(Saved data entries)
= Beginning of Section =
(* Let $d\geq 2$. Every antipodal configuration $\omega_{2d}=\{\mathbf x_1,\ldots,\mathbf x_{2d}\}$ of $2d$ points on $S^{d-1}\subset\mathbb R^d$ is centered, i.e. there exists $\mathbf y\in S^{d-1}$ with $-\frac{1}{\sqrt d}\leq \mathbf y\cdot\mathbf x_i\leq\frac1{\sqrt d}$ for all $i=1,\ldots,2d$.
   Context: $S^{d-1}$ is the unit sphere in $\mathbb R^d$. A configuration is a list of points (points may coincide). A configuration on $S^{d-1}$ is antipodal if together with a point $\mathbf x$ it contains $-\mathbf x$. *)

From mathcomp Require Import all_boot all_order all_algebra.
From mathcomp Require Import reals.
Set Implicit Arguments. Unset Strict Implicit. Unset Printing Implicit Defensive.
Import Order.TTheory GRing.Theory Num.Theory.
Local Open Scope ring_scope.

Definition dotv (R : realType) (d : nat) (u v : 'rV[R]_d) : R :=
  \sum_(i < d) u 0 i * v 0 i.

Definition on_sphere (R : realType) (d : nat) (x : 'rV[R]_d) : Prop :=
  dotv x x = 1.

(* a configuration of n points on the sphere (points may coincide) *)
Definition sphere_config (R : realType) (d n : nat) (X : 'I_n -> 'rV[R]_d) : Prop :=
  forall i, on_sphere (X i).

Definition antipodal (R : realType) (d n : nat) (X : 'I_n -> 'rV[R]_d) : Prop :=
  forall i, exists j, X j = - X i.

Definition centered (R : realType) (d n : nat) (X : 'I_n -> 'rV[R]_d) : Prop :=
  exists y : 'rV[R]_d, on_sphere y /\
    forall i, - (Num.sqrt (d%:R))^-1 <= dotv y (X i) <= (Num.sqrt (d%:R))^-1.

(* Keep one point u_k of each antipodal pair (at most d of them, padded with 0).
   If the u_k are linearly dependent, a unit vector orthogonal to all of them
   works.  Otherwise let c_j be the dual basis, c_j . u_k = delta_jk; signs
   chosen greedily give w = sum_j s_j c_j with |w|^2 >= sum_j |c_j|^2 and
   w . u_k = s_k = +-1.  Expanding sum_j |u_j - c_j|^2 >= 0 with |u_j| <= 1 and
   sum_j c_j . u_j = d gives sum_j |c_j|^2 >= d, so y = w / |w| satisfies
   |y . u_k| <= 1 / sqrt d. *)

From mathcomp Require Import all_boot all_order all_algebra.
From mathcomp Require Import reals.
From mathcomp Require Import zify lra.
Set Implicit Arguments.
Unset Strict Implicit.
Unset Printing Implicit Defensive.
Import Order.TTheory GRing.Theory Num.Theory.
Local Open Scope ring_scope.

Section DotProduct.
Variables (R : realType) (d : nat).
Implicit Types (u v w : 'rV[R]_d) (a : R).

Lemma dotvC u v : dotv u v = dotv v u.
Proof. by apply: eq_bigr => i _; rewrite mulrC. Qed.

Lemma dotvDl u v w : dotv (u + v) w = dotv u w + dotv v w.
Proof. by rewrite /dotv -big_split; apply: eq_bigr => i _; rewrite mxE mulrDl. Qed.

Lemma dotvDr u v w : dotv u (v + w) = dotv u v + dotv u w.
Proof. by rewrite dotvC dotvDl !(dotvC u). Qed.

Lemma dotvZl a u v : dotv (a *: u) v = a * dotv u v.
Proof. by rewrite /dotv mulr_sumr; apply: eq_bigr => i _; rewrite mxE mulrA. Qed.

Lemma dotvZr a u v : dotv u (a *: v) = a * dotv u v.
Proof. by rewrite dotvC dotvZl dotvC. Qed.

Lemma dotvNl u v : dotv (- u) v = - dotv u v.
Proof. by rewrite -scaleN1r dotvZl mulN1r. Qed.

Lemma dotvNr u v : dotv u (- v) = - dotv u v.
Proof. by rewrite dotvC dotvNl dotvC. Qed.

Lemma dotv0l v : dotv 0 v = 0.
Proof. by rewrite /dotv big1 // => i _; rewrite mxE mul0r. Qed.

Lemma dotv_suml I (r : seq I) (P : pred I) (F : I -> 'rV[R]_d) v :
  dotv (\sum_(i <- r | P i) F i) v = \sum_(i <- r | P i) dotv (F i) v.
Proof. by elim/big_rec2: _ => [|i y x _ <-]; rewrite ?dotv0l ?dotvDl. Qed.

Lemma dotv_ge0 u : 0 <= dotv u u.
Proof. by apply: sumr_ge0 => i _; rewrite -expr2 sqr_ge0. Qed.

Lemma dotv_eq0 u : (dotv u u == 0) = (u == 0).
Proof.
apply/eqP/eqP => [u0|->]; last exact: dotv0l.
apply/rowP => i; rewrite mxE; apply/eqP; rewrite -sqrf_eq0 expr2; apply/eqP.
by move/psumr_eq0P: u0; apply=> // j _; rewrite -expr2 sqr_ge0.
Qed.

Lemma on_sphere_normalize w : w != 0 ->
  on_sphere ((Num.sqrt (dotv w w))^-1 *: w).
Proof.
rewrite -dotv_eq0 => w0; have wpos : 0 < dotv w w by rewrite lt0r w0 dotv_ge0.
rewrite /on_sphere dotvZl dotvZr mulrA -expr2 exprVn sqr_sqrtr ?dotv_ge0 //.
by rewrite mulVf.
Qed.

Lemma exists_signs_dotv_sum_ge n (c : 'I_n -> 'rV[R]_d) :
  exists s : 'I_n -> R, (forall j, `|s j| = 1) /\
    \sum_j dotv (c j) (c j) <= dotv (\sum_j s j *: c j) (\sum_j s j *: c j).
Proof.
elim: n c => [|n IHn] c.
  by exists (fun=> 1); split=> [j|]; rewrite ?normr1 // big_ord0 dotv_ge0.
have [s [s1 le_s]] := IHn (fun j => c (widen_ord (leqnSn n) j)).
set w := \sum_j s j *: _ in le_s; set x := c ord_max.
(* the new sign is chosen so that the cross term [2 sg (w . x)] is nonnegative *)
pose sg : R := if 0 <= dotv w x then 1 else -1.
have sg_sq : sg * sg = 1 by rewrite /sg; case: ifP; rewrite ?mulr1 ?mulrNN ?mulr1.
have sg_cross : 0 <= sg * dotv w x.
  by rewrite /sg; case: (leP 0 (dotv w x)) => [|/ltW]; rewrite ?mul1r ?mulN1r ?oppr_ge0.
exists (fun j => oapp s sg (unlift ord_max j)); split.
  move=> j; case: unliftP => [k _|_] /=; first exact: s1.
  by rewrite /sg; case: ifP; rewrite ?normrN normr1.
rewrite !big_ord_recr /= unlift_none /= -/x.
have -> : \sum_(j < n) oapp s sg (unlift ord_max (widen_ord (leqnSn n) j)) *:
             c (widen_ord (leqnSn n) j) = w.
  apply: eq_bigr => j _; congr (_ *: _).
  have -> : widen_ord (leqnSn n) j = lift ord_max j.
    by apply: val_inj; rewrite [RHS]lift_max.
  by rewrite liftK.
rewrite dotvDl !dotvDr !dotvZl !dotvZr (dotvC x) mulrA sg_sq mul1r.
lra.
Qed.

Lemma dotv_row_trmx_mulmx (A B : 'M[R]_d) j k :
  dotv (row j B^T) (row k A) = (A *m B) k j.
Proof. by rewrite !mxE; apply: eq_bigr => i _; rewrite !mxE mulrC. Qed.

Lemma mulmx1_sum_dotv_trmx_ge (A B : 'M[R]_d) :
  A *m B = 1%:M -> (forall k, dotv (row k A) (row k A) <= 1) ->
  d%:R <= \sum_j dotv (row j B^T) (row j B^T).
Proof.
move=> AB1 A1; set a := fun j => row j A; set b := fun j => row j B^T.
have ab_trace : \sum_j dotv (b j) (a j) = d%:R.
  under eq_bigr do rewrite dotv_row_trmx_mulmx AB1 mxE eqxx.
  by rewrite sumr_const card_ord.
have a_le : \sum_j dotv (a j) (a j) <= d%:R.
  by rewrite -[X in X%:R]card_ord -sumr_const; apply: ler_sum => j _; apply: A1.
(* trace(AB) = d bounds the Frobenius norm of B from below through |A - B^T|^2 >= 0 *)
have : 0 <= \sum_j dotv (a j - b j) (a j - b j).
  by apply: sumr_ge0 => j _; apply: dotv_ge0.
under eq_bigr do rewrite dotvDl !dotvDr !dotvNl !dotvNr opprK (dotvC (a _) (b _)).
rewrite !big_split /= !sumrN ab_trace; lra.
Qed.

Lemma exists_dual_signed_vector (U : 'M[R]_d) :
  U \in unitmx -> (forall k, dotv (row k U) (row k U) <= 1) ->
  exists w, d%:R <= dotv w w /\ forall k, `|dotv w (row k U)| = 1.
Proof.
move=> U_unit U1; have UV1 := mulmxV U_unit.
have [s [s1 le_s]] := exists_signs_dotv_sum_ge (fun j => row j (invmx U)^T).
exists (\sum_j s j *: row j (invmx U)^T); split.
  exact: le_trans (mulmx1_sum_dotv_trmx_ge UV1 U1) le_s.
move=> k; rewrite dotv_suml (bigD1 k) //= big1 => [|j jk].
  by rewrite dotvZl dotv_row_trmx_mulmx UV1 mxE eqxx mulr1 addr0 s1.
by rewrite dotvZl dotv_row_trmx_mulmx UV1 mxE eq_sym (negbTE jk) mulr0.
Qed.

Lemma exists_sphere_orthogonal_rows (U : 'M[R]_d) :
  U \notin unitmx -> exists y, on_sphere y /\ forall k, dotv y (row k U) = 0.
Proof.
rewrite unitmxE unitfE negbK -det_tr => /det0P[v v0 vU0].
exists ((Num.sqrt (dotv v v))^-1 *: v); split; first exact: on_sphere_normalize.
move=> k; rewrite dotvZl; have -> : dotv v (row k U) = (v *m U^T) 0 k.
  by rewrite !mxE; apply: eq_bigr => i _; rewrite !mxE.
by rewrite vU0 mxE mulr0.
Qed.

Lemma exists_sphere_dotv_le_invsqrt (u : 'I_d -> 'rV[R]_d) : (0 < d)%N ->
  (forall k, dotv (u k) (u k) <= 1) ->
  exists y, on_sphere y /\ forall k, `|dotv y (u k)| <= (Num.sqrt d%:R)^-1.
Proof.
move=> d_gt0 u1; pose U := \matrix_k u k.
have rowU k : row k U = u k by rewrite rowK.
have U1 k : dotv (row k U) (row k U) <= 1 by rewrite rowU.
have invsqrt_ge0 : 0 <= (Num.sqrt d%:R)^-1 :> R by rewrite invr_ge0 sqrtr_ge0.
have [U_unit | U_sing] := boolP (U \in unitmx); last first.
  have [y [y1 yU0]] := exists_sphere_orthogonal_rows U_sing.
  by exists y; split=> // k; rewrite -rowU yU0 normr0.
have [w [d_le_w w1]] := exists_dual_signed_vector U_unit U1.
have w_gt0 : 0 < dotv w w by apply: lt_le_trans d_le_w; rewrite ltr0n.
exists ((Num.sqrt (dotv w w))^-1 *: w); split.
  by apply: on_sphere_normalize; rewrite -dotv_eq0 gt_eqF.
move=> k; rewrite dotvZl normrM -rowU w1 mulr1 ger0_norm ?invr_ge0 ?sqrtr_ge0 //.
by rewrite lef_pV2 ?posrE ?sqrtr_gt0 ?ltr0n // ler_sqrt // ltW.
Qed.

End DotProduct.

Section OppRepresentatives.
Variable V : zmodType.
Implicit Type T : seq V.

Definition opp_representatives T := [seq x <- T | (index x T < index (- x) T)%N].

Lemma size_opp_representatives T : uniq T -> {in T, forall x, - x \in T} ->
  (2 * size (opp_representatives T) <= size T)%N.
Proof.
move=> T_uniq T_opp; set p := fun x => (index x T < index (- x) T)%N.
rewrite -(count_predC p T) -size_filter mul2n -addnn leq_add2l -size_filter.
rewrite -(size_map -%R); apply: uniq_leq_size.
  by rewrite map_inj_uniq ?filter_uniq //; apply: oppr_inj.
move=> y /mapP[x]; rewrite mem_filter => /andP[px xT] ->.
by rewrite mem_filter T_opp // andbT /= /p opprK -leqNgt ltnW.
Qed.

Lemma opp_representativesP T x :
  {in T, forall y, - y \in T} -> {in T, forall y, y != - y} -> x \in T ->
  (x \in opp_representatives T) || (- x \in opp_representatives T).
Proof.
move=> T_opp T_ne xT; rewrite !mem_filter xT T_opp // opprK !andbT.
rewrite -neq_ltn; apply: contra (T_ne x xT) => /eqP same_index.
by rewrite -{1}(nth_index x xT) same_index nth_index ?T_opp.
Qed.

End OppRepresentatives.

Lemma antipodal_signed_cover (R : realType) (d n : nat) (X : 'I_n -> 'rV[R]_d) :
  (n <= 2 * d)%N -> sphere_config X -> antipodal X ->
  exists u : 'I_d -> 'rV[R]_d, (forall k, dotv (u k) (u k) <= 1) /\
    forall i, exists k, X i = u k \/ X i = - u k.
Proof.
move=> n_le X1 X_anti; set T := undup (codom X).
have memT x : (x \in T) = (x \in codom X) by rewrite mem_undup.
have T_opp : {in T, forall x, - x \in T}.
  move=> x; rewrite memT => /codomP[i ->]; have [j <-] := X_anti i.
  by rewrite memT codom_f.
have T_ne : {in T, forall x, x != - x}.
  move=> x; rewrite memT => /codomP[i ->]; apply/eqP => Xi_opp.
  by have := X1 i; rewrite /on_sphere {2}Xi_opp dotvNr X1; lra.
set H := opp_representatives T.
have size_H : (size H <= d)%N.
  have : (2 * size H <= size T)%N := size_opp_representatives (undup_uniq _) T_opp.
  have : (size T <= n)%N by rewrite -[n]card_ord -(size_codom X) size_undup.
  lia.
exists (fun k => H`_k); split=> [k | i].
  have [kH | Hk] := ltnP k (size H); last by rewrite nth_default ?dotv0l.
  have : H`_k \in T by have := mem_nth 0 kH; rewrite mem_filter => /andP[].
  by rewrite memT => /codomP[i ->]; rewrite X1.
have XiT : X i \in T by rewrite memT codom_f.
have /orP[XiH | XiH] := opp_representativesP T_opp T_ne XiT.
  have k_lt : (index (X i) H < d)%N by rewrite (leq_trans _ size_H) ?index_mem.
  by exists (Ordinal k_lt); left; rewrite nth_index.
have k_lt : (index (- X i) H < d)%N by rewrite (leq_trans _ size_H) ?index_mem.
by exists (Ordinal k_lt); right; rewrite nth_index ?opprK.
Qed.

Theorem corollary3p2 (R : realType) (d : nat) (hd : (2 <= d)%N)
  (X : 'I_(2 * d) -> 'rV[R]_d) :
  sphere_config X -> antipodal X -> centered X.
Proof.
move=> X1 X_anti.
have [u [u1 X_u]] := antipodal_signed_cover (leqnn _) X1 X_anti.
have [y [y1 y_u]] := exists_sphere_dotv_le_invsqrt (ltnW hd) u1.
exists y; split=> // i; rewrite -ler_norml.
by have [k [-> | ->]] := X_u i; rewrite ?dotvNr ?normrN y_u.
Qed.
= End of Section =
Work to be completed: Your answer must be the lines above from the one containing "have invsqrt_ge0 : 0" to the one containing "Implicit Type T : seq V.", both included, restated word for word.

Solution to the problem:
have invsqrt_ge0 : 0 <= (Num.sqrt d%:R)^-1 :> R by rewrite invr_ge0 sqrtr_ge0.
have [U_unit | U_sing] := boolP (U \in unitmx); last first.
  have [y [y1 yU0]] := exists_sphere_orthogonal_rows U_sing.
  by exists y; split=> // k; rewrite -rowU yU0 normr0.
have [w [d_le_w w1]] := exists_dual_signed_vector U_unit U1.
have w_gt0 : 0 < dotv w w by apply: lt_le_trans d_le_w; rewrite ltr0n.
exists ((Num.sqrt (dotv w w))^-1 *: w); split.
  by apply: on_sphere_normalize; rewrite -dotv_eq0 gt_eqF.
move=> k; rewrite dotvZl normrM -rowU w1 mulr1 ger0_norm ?invr_ge0 ?sqrtr_ge0 //.
by rewrite lef_pV2 ?posrE ?sqrtr_gt0 ?ltr0n // ler_sqrt // ltW.
Qed.

End DotProduct.

Section OppRepresentatives.
Variable V : zmodType.
Implicit Type T : seq V.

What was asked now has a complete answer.